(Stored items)
══════════════════════════════

(* Let $\Phi$ be a nonempty finite set of Boolean formulas built from variables and the constants $\mathrm{True},\mathrm{False}$ using $\wedge$, $\vee$, $\neg$, and let $X$ be the set of variables occurring in $\Phi$. Assume $\Phi$ is overall read-once, i.e., every variable of $X$ occurs exactly once in total across all the formulas of $\Phi$, and that every $\phi\in\Phi$ is non-simplifiable, i.e., $\phi$ is either one of the constants $\mathrm{True}$ or $\mathrm{False}$, or contains no occurrence of a constant. Then $\Phi$ is evasive (with respect to $X$), i.e., every BDD for $\Phi$ has depth $|X|$. *)

From mathcomp Require Import all_boot.

Set Implicit Arguments.
Unset Strict Implicit.
Unset Printing Implicit Defensive.

Inductive form : Type :=
| FVar of nat
| FTrue
| FFalse
| FAnd of form & form
| FOr of form & form
| FNot of form.

Fixpoint eval (a : nat -> bool) (f : form) : bool :=
  match f with
  | FVar v => a v
  | FTrue => true
  | FFalse => false
  | FAnd f g => eval a f && eval a g
  | FOr f g => eval a f || eval a g
  | FNot f => ~~ eval a f
  end.

Fixpoint occ (f : form) : seq nat :=
  match f with
  | FVar v => [:: v]
  | FTrue | FFalse => [::]
  | FAnd f g | FOr f g => occ f ++ occ g
  | FNot f => occ f
  end.

Fixpoint has_const (f : form) : bool :=
  match f with
  | FVar _ => false
  | FTrue | FFalse => true
  | FAnd f g | FOr f g => has_const f || has_const g
  | FNot f => has_const f
  end.

Definition non_simplifiable (f : form) : Prop :=
  f = FTrue \/ f = FFalse \/ has_const f = false.

Definition all_occ (Phi : seq form) : seq nat := flatten (map occ Phi).

Definition vars (Phi : seq form) : seq nat := undup (all_occ Phi).

Definition overall_read_once (Phi : seq form) : Prop := uniq (all_occ Phi).

(* A BDD for a family of formulas, represented by its (unfolded) decision tree:
   internal nodes test a variable, leaves carry the tuple of output values
   (one Boolean per formula of Phi, in the order of the list Phi).
   Unfolding a BDD (DAG) into a tree preserves its semantics and its depth
   (length of a longest root-to-leaf path). *)
Inductive bdd : Type :=
| Leaf of seq bool
| Node of nat & bdd & bdd.

Fixpoint run (a : nat -> bool) (t : bdd) : seq bool :=
  match t with
  | Leaf o => o
  | Node x t0 t1 => if a x then run a t1 else run a t0
  end.

Fixpoint depth (t : bdd) : nat :=
  match t with
  | Leaf _ => 0
  | Node _ t0 t1 => (maxn (depth t0) (depth t1)).+1
  end.

Fixpoint wf_bdd (X : seq nat) (tested : seq nat) (t : bdd) : bool :=
  match t with
  | Leaf _ => true
  | Node x t0 t1 =>
      [&& x \in X, x \notin tested,
          wf_bdd X (x :: tested) t0 & wf_bdd X (x :: tested) t1]
  end.

Definition is_bdd_for (Phi : seq form) (t : bdd) : Prop :=
  wf_bdd (vars Phi) [::] t /\
  forall a : nat -> bool, run a t = map (eval a) Phi.

Definition evasive (Phi : seq form) : Prop :=
  forall t : bdd, is_bdd_for Phi t -> depth t = size (vars Phi).

(* A well-formed BDD tests each variable at most once on a path, so its depth
   is at most |X|.  Conversely, play adversary against the tree: when it tests a
   variable x, which occurs in exactly one formula phi, fix x to the value that
   makes the literal of phi containing x equal to the unit of the connective
   above it, so that this literal disappears (if phi is that literal, it becomes
   a constant).  The result is again read-once and non-simplifiable, on the
   remaining variables, and the tree restricted to that value of x computes it.
   So every test removes at most one variable, and a leaf can only compute a
   family without variables, because a constant-free read-once formula takes
   both truth values. *)

From mathcomp Require Import all_boot.
From Stdlib Require List.

Set Implicit Arguments.
Unset Strict Implicit.
Unset Printing Implicit Defensive.

Lemma eq_eval_occ a a' f : {in occ f, a =1 a'} -> eval a f = eval a' f.
Proof.
elim: f => [v|||f IHf g IHg|f IHf g IHg|f IHf] //= eq_aa'.
- by rewrite eq_aa' ?mem_head.
- by rewrite IHf ?IHg // => v vf; rewrite eq_aa' // mem_cat vf ?orbT.
- by rewrite IHf ?IHg // => v vf; rewrite eq_aa' // mem_cat vf ?orbT.
- by rewrite IHf.
Qed.

Lemma eval_upd_notin a x b f :
  x \notin occ f -> eval [eta a with x |-> b] f = eval a f.
Proof.
move=> xf; apply: eq_eval_occ => v vf /=.
by case: eqP => // vx; rewrite -vx vf in xf.
Qed.

Lemma eval_upd_single a a0 x f :
  occ f = [:: x] -> eval [eta a with x |-> a0 x] f = eval a0 f.
Proof.
by move=> fx; apply: eq_eval_occ => v; rewrite fx inE => /eqP -> /=; rewrite eqxx.
Qed.

Definition glue (s : seq nat) (a1 a2 : nat -> bool) v := if v \in s then a1 v else a2 v.

Lemma eval_glue_l a1 a2 f : eval (glue (occ f) a1 a2) f = eval a1 f.
Proof. by apply: eq_eval_occ => v vf; rewrite /glue vf. Qed.

Lemma eval_glue_r s a1 a2 f :
  ~~ has (mem s) (occ f) -> eval (glue s a1 a2) f = eval a2 f.
Proof.
move=> /hasPn sf; apply: eq_eval_occ => v /sf.
by rewrite /glue; case: ifP => // vs /negP[].
Qed.

Lemma const_free_eval_surj f :
  has_const f = false -> uniq (occ f) -> forall c, exists a, eval a f = c.
Proof.
elim: f => [v|||f IHf g IHg|f IHf g IHg|f IHf] //= cf U c.
- by exists (fun=> c).
- move: cf U; rewrite cat_uniq => /norP[/negbTE cf /negbTE cg] /and3P[Uf fg Ug].
  have [[a1 <-] [a2 eg]] := (IHf cf Uf c, IHg cg Ug true).
  by exists (glue (occ f) a1 a2); rewrite eval_glue_l eval_glue_r // eg andbT.
- move: cf U; rewrite cat_uniq => /norP[/negbTE cf /negbTE cg] /and3P[Uf fg Ug].
  have [[a1 <-] [a2 eg]] := (IHf cf Uf c, IHg cg Ug false).
  by exists (glue (occ f) a1 a2); rewrite eval_glue_l eval_glue_r // eg orbF.
- by have [a ea] := IHf cf U (~~ c); exists a; rewrite ea negbK.
Qed.

Definition eliminable x f := exists b f',
  [/\ has_const f' = false, perm_eq (x :: occ f') (occ f)
    & forall a, eval [eta a with x |-> b] f = eval a f'].

Section BinaryConnective.

Variables (C : form -> form -> form) (op : bool -> bool -> bool) (e : bool).
Hypothesis eval_C : forall a f g, eval a (C f g) = op (eval a f) (eval a g).
Hypothesis occ_C : forall f g, occ (C f g) = occ f ++ occ g.
Hypothesis has_const_C : forall f g, has_const (C f g) = has_const f || has_const g.
Hypothesis opC : commutative op.
Hypothesis op_unit : left_id e op.

Lemma eliminable_C f g x :
  has_const f = false -> has_const g = false -> uniq (occ f ++ occ g) ->
  x \in occ f ++ occ g ->
  (x \in occ f -> occ f != [:: x] -> eliminable x f) ->
  (x \in occ g -> occ g != [:: x] -> eliminable x g) ->
  eliminable x (C f g).
Proof.
wlog xf : f g / x \in occ f => [wlog cf cg U|cf cg U _ IHf _].
  rewrite mem_cat => /orP[xf|xg] IHf IHg.
    by apply: wlog => //; rewrite mem_cat xf.
  have [b [f' [cf' p' e']]] : eliminable x (C g f).
    by apply: wlog => //; [rewrite uniq_catC | rewrite mem_cat xg].
  exists b, f'; split=> // [|a].
    by apply: perm_trans p' _; rewrite !occ_C perm_catC.
  by rewrite eval_C opC -eval_C.
move: (U); rewrite cat_uniq has_sym => /and3P[Uf /hasPn/(_ x xf) xg _].
have [fx|fx] := eqVneq (occ f) [:: x].
  (* [f] is a literal in [x]: fix [x] so that [f] becomes the unit [e]. *)
  have [a0 ea0] := const_free_eval_surj cf Uf e.
  exists (a0 x), g; split=> // [|a]; first by rewrite occ_C fx.
  by rewrite eval_C eval_upd_single // ea0 op_unit eval_upd_notin.
have [b [f' [cf' p' e']]] := IHf xf fx.
exists b, (C f' g); split=> [||a]; first by rewrite has_const_C cf' cg.
  by rewrite !occ_C -cat_cons perm_cat2r.
by rewrite !eval_C e' eval_upd_notin.
Qed.

End BinaryConnective.

Lemma eliminable_const_free f x :
  has_const f = false -> uniq (occ f) -> x \in occ f -> occ f != [:: x] ->
  eliminable x f.
Proof.
elim: f => [v|||f IHf g IHg|f IHf g IHg|f IHf] //= cfg U.
- by rewrite inE => /eqP->; rewrite eqxx.
- move: cfg (U); rewrite cat_uniq => /norP[/negbTE cf /negbTE cg] /and3P[Uf _ Ug].
  move=> xfg _; apply: (eliminable_C (C := FAnd) _ _ _ andbC andTb) => //.
  - by move=> xf /(IHf cf Uf xf).
  - by move=> xg /(IHg cg Ug xg).
- move: cfg (U); rewrite cat_uniq => /norP[/negbTE cf /negbTE cg] /and3P[Uf _ Ug].
  move=> xfg _; apply: (eliminable_C (C := FOr) _ _ _ orbC orFb) => //.
  - by move=> xf /(IHf cf Uf xf).
  - by move=> xg /(IHg cg Ug xg).
- move=> xf /(IHf cfg U xf)[b [f' [cf' p' e']]].
  by exists b, (FNot f'); split=> // a /=; rewrite e'.
Qed.

Lemma eliminable_non_simplifiable f x :
  non_simplifiable f -> uniq (occ f) -> x \in occ f ->
  exists b f', [/\ non_simplifiable f', perm_eq (x :: occ f') (occ f)
    & forall a, eval [eta a with x |-> b] f = eval a f'].
Proof.
case=> [->|[->|cf]] // U xf.
have [fx|fx] := eqVneq (occ f) [:: x].
  have [a0 ea0] := const_free_eval_surj cf U true.
  exists (a0 x), FTrue; split=> [||a]; [by left | by rewrite fx |].
  by rewrite eval_upd_single.
have [b [f' [cf' p' e']]] := eliminable_const_free cf U xf fx.
by exists b, f'; split=> //; right; right.
Qed.

Lemma constant_occ_nil f :
  non_simplifiable f -> uniq (occ f) -> (forall a a', eval a f = eval a' f) ->
  occ f = [::].
Proof.
case=> [->|[->|cf]] // U const_f.
have [a1 e1] := const_free_eval_surj cf U true.
have [a0 e0] := const_free_eval_surj cf U false.
by have := const_f a1 a0; rewrite e1 e0.
Qed.

Lemma all_occ_cons phi Phi : all_occ (phi :: Phi) = occ phi ++ all_occ Phi.
Proof. by []. Qed.

Lemma map_eval_upd_notin Phi a x b :
  x \notin all_occ Phi -> map (eval [eta a with x |-> b]) Phi = map (eval a) Phi.
Proof.
elim: Phi => //= phi Phi IH; rewrite all_occ_cons mem_cat => /norP[xphi xPhi].
by rewrite eval_upd_notin // IH.
Qed.

Lemma eliminable_family Phi x :
  uniq (all_occ Phi) -> List.Forall non_simplifiable Phi -> x \in all_occ Phi ->
  exists b Phi', [/\ List.Forall non_simplifiable Phi',
    perm_eq (x :: all_occ Phi') (all_occ Phi)
    & forall a, map (eval [eta a with x |-> b]) Phi = map (eval a) Phi'].
Proof.
elim: Phi => //= phi Phi IH; rewrite all_occ_cons cat_uniq mem_cat.
move=> /and3P[Uphi dis UPhi] /List.Forall_cons_iff[NSphi NSPhi].
have [xphi _|xphi /= xPhi] := boolP (x \in occ phi).
  have [b [phi' [NSphi' p' e']]] := eliminable_non_simplifiable NSphi Uphi xphi.
  exists b, (phi' :: Phi); split; first by constructor.
    by rewrite !all_occ_cons -cat_cons perm_cat2r.
  move=> a /=; rewrite e' map_eval_upd_notin //.
  by apply: contra dis => xPhi; apply/hasP; exists x.
have [b [Phi' [NSPhi' p' e']]] := IH UPhi NSPhi xPhi.
exists b, (phi :: Phi'); split; [by constructor | |].
  by rewrite all_occ_cons -cat1s perm_catCA perm_cat2l cat1s.
by move=> a /=; rewrite eval_upd_notin // (e' a).
Qed.

Lemma constant_all_occ_nil Phi :
  uniq (all_occ Phi) -> List.Forall non_simplifiable Phi ->
  (forall a a', map (eval a) Phi = map (eval a') Phi) -> all_occ Phi = [::].
Proof.
elim: Phi => //= phi Phi IH; rewrite all_occ_cons cat_uniq.
move=> /and3P[Uphi _ UPhi] /List.Forall_cons_iff[NSphi NSPhi] const_Phi.
have const_phi a a' : eval a phi = eval a' phi by case: (const_Phi a a').
have const_Phi' a a' : map (eval a) Phi = map (eval a') Phi by case: (const_Phi a a').
by rewrite (constant_occ_nil NSphi Uphi const_phi) IH.
Qed.

Fixpoint restrict x b t :=
  match t with
  | Leaf o => Leaf o
  | Node y t0 t1 =>
      if y == x then restrict x b (if b then t1 else t0)
      else Node y (restrict x b t0) (restrict x b t1)
  end.

Lemma run_restrict a x b t : run a (restrict x b t) = run [eta a with x |-> b] t.
Proof.
elim: t => //= y t0 IH0 t1 IH1.
by case: eqP => _ /=; rewrite -IH0 -IH1 //; case: b {IH0 IH1}.
Qed.

Lemma depth_restrict x b t : depth (restrict x b t) <= depth t.
Proof.
elim: t => //= y t0 IH0 t1 IH1; case: eqP => _ /=.
  apply: leqW; case: b IH0 IH1 => IH0 IH1.
    exact: leq_trans IH1 (leq_maxr _ _).
  exact: leq_trans IH0 (leq_maxl _ _).
by rewrite ltnS geq_max !leq_max IH0 IH1 orbT.
Qed.

Lemma depth_restrict_root x b t0 t1 :
  depth (restrict x b (Node x t0 t1)) < depth (Node x t0 t1).
Proof.
rewrite /= eqxx ltnS; apply: leq_trans (depth_restrict _ _ _) _.
by case: b; rewrite ?leq_maxl ?leq_maxr.
Qed.

Lemma wf_bdd_depth X tested t :
  uniq tested -> {subset tested <= X} -> wf_bdd X tested t ->
  depth t + size tested <= size X.
Proof.
elim: t tested => [o|x t0 IH0 t1 IH1] tested U sub /=.
  by move=> _; apply: uniq_leq_size.
case/and4P=> xX xt wf0 wf1.
have U' : uniq (x :: tested) by rewrite /= xt.
have sub' : {subset x :: tested <= X} by move=> v /predU1P[->|/sub].
rewrite addSnnS addn_maxl geq_max.
by rewrite (IH0 _ U' sub' wf0) (IH1 _ U' sub' wf1).
Qed.

Lemma size_all_occ_le_depth t Phi :
  uniq (all_occ Phi) -> List.Forall non_simplifiable Phi ->
  (forall a, run a t = map (eval a) Phi) -> size (all_occ Phi) <= depth t.
Proof.
have [n] := ubnP (depth t); elim: n t Phi => // n IH [o|y t0 t1] Phi lt_t U NS t_Phi.
  by rewrite (constant_all_occ_nil U NS) // => a a'; rewrite -!t_Phi.
have [b [Phi' [U' NS' size_Phi run_Phi']]] : exists b Phi',
    [/\ uniq (all_occ Phi'), List.Forall non_simplifiable Phi',
        size (all_occ Phi) <= (size (all_occ Phi')).+1
      & forall a, run [eta a with y |-> b] (Node y t0 t1) = map (eval a) Phi'].
  have [yPhi|yPhi] := boolP (y \in all_occ Phi).
    have [b [Phi' [NS' p' e']]] := eliminable_family U NS yPhi.
    exists b, Phi'; split=> // [||a]; last by rewrite t_Phi e'.
      by have := perm_uniq p'; rewrite U => /andP[].
    by rewrite -(perm_size p').
  by exists false, Phi; split=> // a; rewrite t_Phi map_eval_upd_notin.
have lt_t' := depth_restrict_root y b t0 t1.
apply: leq_trans size_Phi (leq_trans _ lt_t').
apply: IH U' NS' _ => [|a]; first exact: leq_trans lt_t' lt_t.
by rewrite run_restrict; apply: run_Phi'.
Qed.

Theorem proposition2 (Phi : seq form) :
  Phi <> [::] ->
  overall_read_once Phi ->
  (forall phi, List.In phi Phi -> non_simplifiable phi) ->
  evasive Phi.
Proof.
move=> _ RO NS t [wf t_Phi]; apply/eqP; rewrite eqn_leq.
have -> /= : depth t <= size (vars Phi).
  by rewrite -[depth t]addn0; apply: wf_bdd_depth wf.
rewrite /vars undup_id //; apply: size_all_occ_le_depth t_Phi => //.
exact/List.Forall_forall.
Qed.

══════════════════════════════

*WHAT TO WORK ON*.
Look above for the line holding "move=> /and3P[Uphi _", then set down exactly that line and every line after it up to and including the line holding "t1) = map (eval a) Phi'].", with nothing else.

*YOUR RESPONSE*.
move=> /and3P[Uphi _ UPhi] /List.Forall_cons_iff[NSphi NSPhi] const_Phi.
have const_phi a a' : eval a phi = eval a' phi by case: (const_Phi a a').
have const_Phi' a a' : map (eval a) Phi = map (eval a') Phi by case: (const_Phi a a').
by rewrite (constant_occ_nil NSphi Uphi const_phi) IH.
Qed.

Fixpoint restrict x b t :=
  match t with
  | Leaf o => Leaf o
  | Node y t0 t1 =>
      if y == x then restrict x b (if b then t1 else t0)
      else Node y (restrict x b t0) (restrict x b t1)
  end.

Lemma run_restrict a x b t : run a (restrict x b t) = run [eta a with x |-> b] t.
Proof.
elim: t => //= y t0 IH0 t1 IH1.
by case: eqP => _ /=; rewrite -IH0 -IH1 //; case: b {IH0 IH1}.
Qed.

Lemma depth_restrict x b t : depth (restrict x b t) <= depth t.
Proof.
elim: t => //= y t0 IH0 t1 IH1; case: eqP => _ /=.
  apply: leqW; case: b IH0 IH1 => IH0 IH1.
    exact: leq_trans IH1 (leq_maxr _ _).
  exact: leq_trans IH0 (leq_maxl _ _).
by rewrite ltnS geq_max !leq_max IH0 IH1 orbT.
Qed.

Lemma depth_restrict_root x b t0 t1 :
  depth (restrict x b (Node x t0 t1)) < depth (Node x t0 t1).
Proof.
rewrite /= eqxx ltnS; apply: leq_trans (depth_restrict _ _ _) _.
by case: b; rewrite ?leq_maxl ?leq_maxr.
Qed.

Lemma wf_bdd_depth X tested t :
  uniq tested -> {subset tested <= X} -> wf_bdd X tested t ->
  depth t + size tested <= size X.
Proof.
elim: t tested => [o|x t0 IH0 t1 IH1] tested U sub /=.
  by move=> _; apply: uniq_leq_size.
case/and4P=> xX xt wf0 wf1.
have U' : uniq (x :: tested) by rewrite /= xt.
have sub' : {subset x :: tested <= X} by move=> v /predU1P[->|/sub].
rewrite addSnnS addn_maxl geq_max.
by rewrite (IH0 _ U' sub' wf0) (IH1 _ U' sub' wf1).
Qed.

Lemma size_all_occ_le_depth t Phi :
  uniq (all_occ Phi) -> List.Forall non_simplifiable Phi ->
  (forall a, run a t = map (eval a) Phi) -> size (all_occ Phi) <= depth t.
Proof.
have [n] := ubnP (depth t); elim: n t Phi => // n IH [o|y t0 t1] Phi lt_t U NS t_Phi.
  by rewrite (constant_all_occ_nil U NS) // => a a'; rewrite -!t_Phi.
have [b [Phi' [U' NS' size_Phi run_Phi']]] : exists b Phi',
    [/\ uniq (all_occ Phi'), List.Forall non_simplifiable Phi',
        size (all_occ Phi) <= (size (all_occ Phi')).+1
      & forall a, run [eta a with y |-> b] (Node y t0 t1) = map (eval a) Phi'].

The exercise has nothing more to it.